Lemma fcomp_contraction d a b K : (0 < d)%nat -> 0 <= a < 2 -> 0 <= b <= 2 -> 0 <= K < 1 ->
  (forall x, 0 <= x <= 1 -> Rabs (fcomp_slope d a b x) <= K) ->
  exists p, (0 < p < 1 /\ fcomp d a b p = p /\
             forall y, 0 < y < 1 -> fcomp d a b y = y -> y = p) /\
    (forall x, 0 <= x <= 1 -> exists l, is_derive (fcomp d a b) x l /\ Rabs l < 1) /\
    (forall x, 0 <= x <= 1 -> is_lim_seq (fun n => Nat.iter n (fcomp d a b) x) p) /\
    (forall x, 0 <= x <= 1 -> (fcomp d a b x > x <-> 0 <= x < p)).
Proof.
  intros Hd Ha Hb HK Hslope.
  assert (Hderive : forall x, 0 <= x <= 1 ->
            exists l, is_derive (fcomp d a b) x l /\ Rabs l <= K).
  { intros x Hx. exists (fcomp_slope d a b x).
    split; [apply is_derive_fcomp|apply Hslope]; lra. }
  assert (Hinner : forall x, 0 <= x -> 0 < f d b x) by (intros; apply f_pos; lra).
  assert (Hmaps : forall x, 0 <= x <= 1 -> 0 <= fcomp d a b x <= 1).
  { intros x Hx. specialize (Hinner x ltac:(lra)).
    split; [left; apply f_pos|apply f_le_1]; lra. }
  assert (Hat0 : 0 < fcomp d a b 0) by (apply f_pos; [|left; apply Hinner]; lra).
  assert (Hat1 : fcomp d a b 1 < 1) by (apply f_lt_1; [exact Hd|lra|apply Hinner; lra]).
  destruct (contraction_interval (fcomp d a b) 0 1 K ltac:(lra) HK Hmaps Hat0 Hat1 Hderive)
    as (p & Hfix & Hcvg & Hsign).
  exists p. split; [exact Hfix|split; [|split; [exact Hcvg|exact Hsign]]].
  intros x Hx. destruct (Hderive x Hx) as [l [Hl HlK]]. exists l. split; [exact Hl|lra].
Qed.

(** * The fixed point [c_g] *)

Definition gbase (x : R) : R := (1 + x + x ^ 2) / (2 + x).

Lemma g_one d x : g d 1 x = gbase x ^ d.
Proof. unfold g, gbase. rewrite pow1, Rmult_1_l. do 3 f_equal. ring. Qed.

Definition g_slope (d : nat) (x : R) : R :=
  INR d * gbase x ^ pred d * ((1 + 4 * x + x ^ 2) / (2 + x) ^ 2).

Lemma is_derive_g_one d x : 0 <= x -> is_derive (g d 1) x (g_slope d x).
Proof.
  intros Hx. apply (is_derive_ext (fun x => gbase x ^ d)); [intros; now rewrite g_one|].
  unfold g_slope, gbase. auto_derive; [lra|].
  replace (x * (x * 1)) with (x ^ 2) by ring. unfold Rdiv.
  set (p := ((1 + x + x ^ 2) * / (2 + x)) ^ pred d). field. lra.
Qed.

Lemma gbase_pos x : 0 <= x -> 0 < gbase x.
Proof. intros. unfold gbase. apply Rdiv_lt_0_compat; nra. Qed.

Lemma gbase_le x y : 0 <= x <= y -> gbase x <= gbase y.
Proof.
  intros Hxy. unfold gbase. apply Rdiv_le_cross; try lra.
  assert (0 <= (y - x) * (1 + 2 * (x + y) + x * y)) by (apply Rmult_le_pos; nra).
  nra.
Qed.

Definition g_slope_lower (d : nat) (x1 x2 : R) : R :=
  INR d * gbase x1 ^ pred d * ((1 + 4 * x1 + x1 ^ 2) / (2 + x2) ^ 2).

Lemma g_slope_lower_le d x1 x2 x : 0 <= x1 <= x -> x <= x2 ->
  g_slope_lower d x1 x2 <= g_slope d x.
Proof.
  intros Hx1 Hx2. unfold g_slope_lower, g_slope. apply Rmult_le_compat.
  - apply Rmult_le_pos; [apply pos_INR|]. apply pow_le. left; apply gbase_pos; lra.
  - apply Rdiv_le_0_compat; nra.
  - apply Rmult_le_compat_l; [apply pos_INR|]. apply pow_incr.
    split; [left; apply gbase_pos|apply gbase_le]; lra.
  - apply Rdiv_le_cross; try nra. apply Rmult_le_compat; nra.
Qed.

Lemma g_one_at_1 d : g d 1 1 = 1.
Proof.
  rewrite g_one. unfold gbase. replace ((1 + 1 + 1 ^ 2) / (2 + 1)) with 1 by field.
  apply pow1.
Qed.

Lemma g_one_at_0_pos d : 0 < g d 1 0.
Proof. rewrite g_one. apply pow_lt, gbase_pos. lra. Qed.

Lemma g_one_below_id_of_steep d x0 : 0 <= x0 < 1 ->
  (forall x, x0 <= x <= 1 -> 1 < g_slope d x) ->
  forall x, x0 <= x < 1 -> g d 1 x < x.
Proof.
  intros Hx0 Hsteep x Hx.
  assert (Hderive : forall t, x <= t <= 1 ->
            is_derive (fun t => g d 1 t - t) t (g_slope d t - 1)).
  { intros t Ht. apply (is_derive_minus (g d 1) (fun t => t));
      [apply is_derive_g_one; lra | apply (is_derive_id (K := R_AbsRing))]. }
  destruct (MVT_gen (fun t => g d 1 t - t) x 1 (fun t => g_slope d t - 1)) as [t [Ht Hmvt]];
    rewrite Rmin_left, Rmax_right in * by lra.
  - intros t Ht. apply Hderive. lra.
  - intros t Ht. apply (continuity_pt_of_is_derive _ t (g_slope d t - 1)), Hderive. lra.
  - rewrite g_one_at_1 in Hmvt. pose proof (Hsteep t ltac:(lra)).
    assert (0 < (g_slope d t - 1) * (1 - x)) by (apply Rmult_lt_0_compat; lra). lra.
Qed.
◆ ◆ ◆ ◆ ◆ ◆ ◆
** ASSIGNMENT **
Starting at the line that has "Definition g_slope_lower (d" and ending at the line that has "Lemma g_one_below_id_of_steep d", please write out the lines above exactly, leaving out all others.

** ANSWER TO THE PROBLEM **
Definition g_slope_lower (d : nat) (x1 x2 : R) : R :=
  INR d * gbase x1 ^ pred d * ((1 + 4 * x1 + x1 ^ 2) / (2 + x2) ^ 2).

Lemma g_slope_lower_le d x1 x2 x : 0 <= x1 <= x -> x <= x2 ->
  g_slope_lower d x1 x2 <= g_slope d x.
Proof.
  intros Hx1 Hx2. unfold g_slope_lower, g_slope. apply Rmult_le_compat.
  - apply Rmult_le_pos; [apply pos_INR|]. apply pow_le. left; apply gbase_pos; lra.
  - apply Rdiv_le_0_compat; nra.
  - apply Rmult_le_compat_l; [apply pos_INR|]. apply pow_incr.
    split; [left; apply gbase_pos|apply gbase_le]; lra.
  - apply Rdiv_le_cross; try nra. apply Rmult_le_compat; nra.
Qed.

Lemma g_one_at_1 d : g d 1 1 = 1.
Proof.
  rewrite g_one. unfold gbase. replace ((1 + 1 + 1 ^ 2) / (2 + 1)) with 1 by field.
  apply pow1.
Qed.

Lemma g_one_at_0_pos d : 0 < g d 1 0.
Proof. rewrite g_one. apply pow_lt, gbase_pos. lra. Qed.

Lemma g_one_below_id_of_steep d x0 : 0 <= x0 < 1 ->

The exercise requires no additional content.